### What you should do
In the listing below, find the line with "have : 0 <= (1" and the line with "Lemma pow2_index_bound (i". Repeat those two lines and all lines between them exactly.

━━━━━ Working data ━━━━━

(* Let $r\ge3$ be an integer and $\lambda\in[\frac15,1]$. Then for all $0<\epsilon\le1$, $f_{r,\lambda}(\epsilon)<\lambda^2$, where $f_{r,\lambda}(\epsilon)=\frac{1}{r-1}\sum_{i=1}^{r-1}\binom{r-1}{i}(1-\epsilon)^{r-1-i}\epsilon^{i-1}\frac{\lambda^2}{\lambda+(1-\lambda)2^{1-i}}$. *)

From HB Require Import structures.
From mathcomp Require Import all_boot all_order all_algebra.
From mathcomp Require Import reals.
Set Implicit Arguments. Unset Strict Implicit. Unset Printing Implicit Defensive.
Import Order.TTheory GRing.Theory Num.Theory.
Local Open Scope ring_scope.

Definition f_rl (R : realType) (r : nat) (lam eps : R) : R :=
  (r.-1)%:R^-1 * \sum_(1 <= i < r)
    ('C(r.-1, i))%:R * (1 - eps) ^+ (r.-1 - i) * eps ^+ i.-1
      * (lam ^+ 2 / (lam + (1 - lam) * (2 ^+ i.-1)^-1)).

From HB Require Import structures.
From mathcomp Require Import all_boot all_order all_algebra.
From mathcomp Require Import reals.
From mathcomp Require Import zify ring lra.
Import Order.TTheory GRing.Theory Num.Theory.
Set Implicit Arguments. Unset Strict Implicit.
Local Open Scope ring_scope.

(* Write n = r - 1, w_i = C(n,i) (1-eps)^(n-i) eps^(i-1) >= 0 and
   D_i = lam + (1 - lam) 2^(1-i), so that f_{r,lam}(eps) = (1/n) sum_i w_i lam^2 / D_i.
   The proof compares each summand lam^2 / D_i with i lam^2:
   - for lam in [1/5, 1] one has i D_i >= 1, with equality only at i = 1 and
     strict inequality for i >= 2 (this reduces to the integer inequality
     5 2^(i-1) < i (2^(i-1) + 4)), hence lam^2 / D_i <= i lam^2, strictly if i >= 2;
   - the weights satisfy the binomial "mean" identity sum_i i w_i = n, so
     sum_i w_i i lam^2 = n lam^2;
   - the last weight w_n = eps^(n-1) is positive and n >= 2, so the
     comparison is strict in the last summand, giving f_{r,lam}(eps) < lam^2. *)

Definition denom (R : realType) (lam : R) (i : nat) : R :=
  lam + (1 - lam) * (2 ^+ i.-1)^-1.

(* D_i is a convex combination of 1 and 2^(1-i), hence positive. *)
Lemma denom_gt0 (R : realType) (lam : R) (i : nat) :
  0 <= lam -> lam <= 1 -> 0 < denom lam i.
Proof.
move=> lam_ge0 lam_le1; rewrite /denom.
have pow_gt0 : 0 < (2 ^+ i.-1 : R)^-1 by rewrite invr_gt0 exprn_gt0.
have [->|lam_neq0] := eqVneq lam 0; first by rewrite subr0 mul1r add0r.
have lam_gt0 : 0 < lam by rewrite lt_def lam_neq0 lam_ge0.
have : 0 <= (1 - lam) * (2 ^+ i.-1)^-1 by apply: mulr_ge0; lra.
lra.
Qed.

(* The integer inequality behind i D_i > 1 for lam = 1/5: it is checked for
   i = 2, 3, 4, and for i >= 5 already 5 2^(i-1) <= i 2^(i-1). *)
Lemma pow2_index_bound (i : nat) :
  (2 <= i)%N -> (5 * 2 ^ i.-1 < i * (2 ^ i.-1 + 4))%N.
Proof. by move: i => [|[|[|[|[|k]]]]] // _; nia. Qed.

(* For i >= 2 and lam >= 1/5, i D_i > 1.  As i D_i is affine in lam with
   nonnegative slope i (1 - 2^(1-i)), it suffices to treat lam = 1/5. *)
Lemma index_denom_gt1 (R : realType) (lam : R) (i : nat) :
  (2 <= i)%N -> 5^-1 <= lam -> lam <= 1 -> 1 < i%:R * denom lam i.
Proof.
move=> i_ge2 lam_ge lam_le; rewrite /denom.
have int_bound := pow2_index_bound i_ge2.
have -> : (2 ^+ i.-1 : R) = (2 ^ i.-1)%:R by rewrite natrX.
set k := (2 ^ i.-1)%N in int_bound *.
have k_ge1 : 1 <= k%:R :> R by rewrite ler1n expn_gt0.
have real_bound : 5 * k%:R < i%:R * (k%:R + 4) :> R.
  by move: int_bound; rewrite -(ltr_nat R) !natrM natrD.
have i_ge0 : 0 <= i%:R :> R by [].
set s := k%:R in k_ge1 real_bound *; set I := i%:R in i_ge0 real_bound *.
have -> : I * (lam + (1 - lam) * s^-1) = I * (lam * (s - 1) + 1) / s.
  by field; lra.
rewrite ltr_pdivlMr ?mul1r; last lra.
have slope_ge0 : 0 <= I * ((lam - 5^-1) * (s - 1)).
  by apply: mulr_ge0 => //; apply: mulr_ge0; lra.
nra.
Qed.

Lemma index_denom_ge1 (R : realType) (lam : R) (i : nat) :
  (1 <= i)%N -> 5^-1 <= lam -> lam <= 1 -> 1 <= i%:R * denom lam i.
Proof.
case: i => [|[|i]] // _ lam_ge lam_le; last exact/ltW/index_denom_gt1.
by rewrite /denom /= expr0 invr1 mulr1 mul1r; lra.
Qed.

Lemma summand_le (R : realType) (lam : R) (i : nat) :
  (1 <= i)%N -> 5^-1 <= lam -> lam <= 1 ->
  lam ^+ 2 / denom lam i <= i%:R * lam ^+ 2.
Proof.
move=> i_ge1 lam_ge lam_le.
rewrite ler_pdivrMr ?denom_gt0 //; try lra.
rewrite mulrAC -[leLHS]mul1r ler_wpM2r ?sqr_ge0 //.
exact: index_denom_ge1.
Qed.

Lemma summand_lt (R : realType) (lam : R) (i : nat) :
  (2 <= i)%N -> 5^-1 <= lam -> lam <= 1 ->
  lam ^+ 2 / denom lam i < i%:R * lam ^+ 2.
Proof.
move=> i_ge2 lam_ge lam_le.
rewrite ltr_pdivrMr ?denom_gt0 //; try lra.
rewrite mulrAC -[ltLHS]mul1r ltr_pM2r ?exprn_gt0 //; last lra.
exact: index_denom_gt1.
Qed.

(* The mean of the binomial distribution: sum_{i=1}^n i C(n,i) (1-e)^(n-i) e^(i-1) = n,
   obtained from i C(n,i) = n C(n-1,i-1) and the binomial theorem for (1-e)+e. *)
Lemma binomial_mean (R : comPzRingType) (n : nat) (e : R) :
  \sum_(1 <= i < n.+1) ('C(n, i))%:R * (1 - e) ^+ (n - i) * e ^+ i.-1 * i%:R
  = n%:R.
Proof.
case: n => [|n]; first by rewrite big_geq.
rewrite big_add1 /= big_mkord.
transitivity (n.+1%:R * \sum_(i < n.+1) (1 - e) ^+ (n - i) * e ^+ i *+ 'C(n, i)).
  rewrite mulr_sumr; apply: eq_bigr => i _.
  have bin_diag : i.+1%:R * ('C(n.+1, i.+1))%:R = n.+1%:R * ('C(n, i))%:R :> R.
    by rewrite -!natrM mul_bin_diag.
  rewrite subSS -mulr_natr.
  transitivity (i.+1%:R * ('C(n.+1, i.+1))%:R * ((1 - e) ^+ (n - i) * e ^+ i)).
    by ring.
  by rewrite bin_diag; ring.
by rewrite -exprDn subrK expr1n mulr1.
Qed.

Theorem mainTheorem7 (R : realType) (r : nat) (lam eps : R) :
  (3 <= r)%N -> 5^-1 <= lam -> lam <= 1 -> 0 < eps -> eps <= 1 ->
  f_rl r lam eps < lam ^+ 2.
Proof.
case: r => [|[|[|m]]] // _ lam_ge lam_le eps_gt0 eps_le1.
set n := m.+2.
set w := fun i => ('C(n, i))%:R * (1 - eps) ^+ (n - i) * eps ^+ i.-1 : R.
have -> : f_rl m.+3 lam eps = n%:R^-1 * \sum_(1 <= i < n.+1) w i * (lam ^+ 2 / denom lam i).
  by [].
have weighted_bound : \sum_(1 <= i < n.+1) w i * (i%:R * lam ^+ 2) = n%:R * lam ^+ 2.
  by rewrite -(binomial_mean n eps) mulr_suml; apply: eq_bigr => i _; rewrite mulrA.
rewrite ltr_pdivrMl ?ltr0n // -weighted_bound.
rewrite big_nat_recr // [ltRHS]big_nat_recr //=.
apply: ler_ltD.
  apply: ler_sum_nat => i /andP[i_ge1 _]; apply: ler_wpM2l; last exact: summand_le.
  by rewrite /w !mulr_ge0 ?exprn_ge0 //; lra.
rewrite ltr_pM2l; first exact: summand_lt.
rewrite /w /= subnn expr0 mulr1 binn mul1r; exact: exprn_gt0.
Qed.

━━━━━

### Finished exercise
have : 0 <= (1 - lam) * (2 ^+ i.-1)^-1 by apply: mulr_ge0; lra.
lra.
Qed.

(* The integer inequality behind i D_i > 1 for lam = 1/5: it is checked for
   i = 2, 3, 4, and for i >= 5 already 5 2^(i-1) <= i 2^(i-1). *)
Lemma pow2_index_bound (i : nat) :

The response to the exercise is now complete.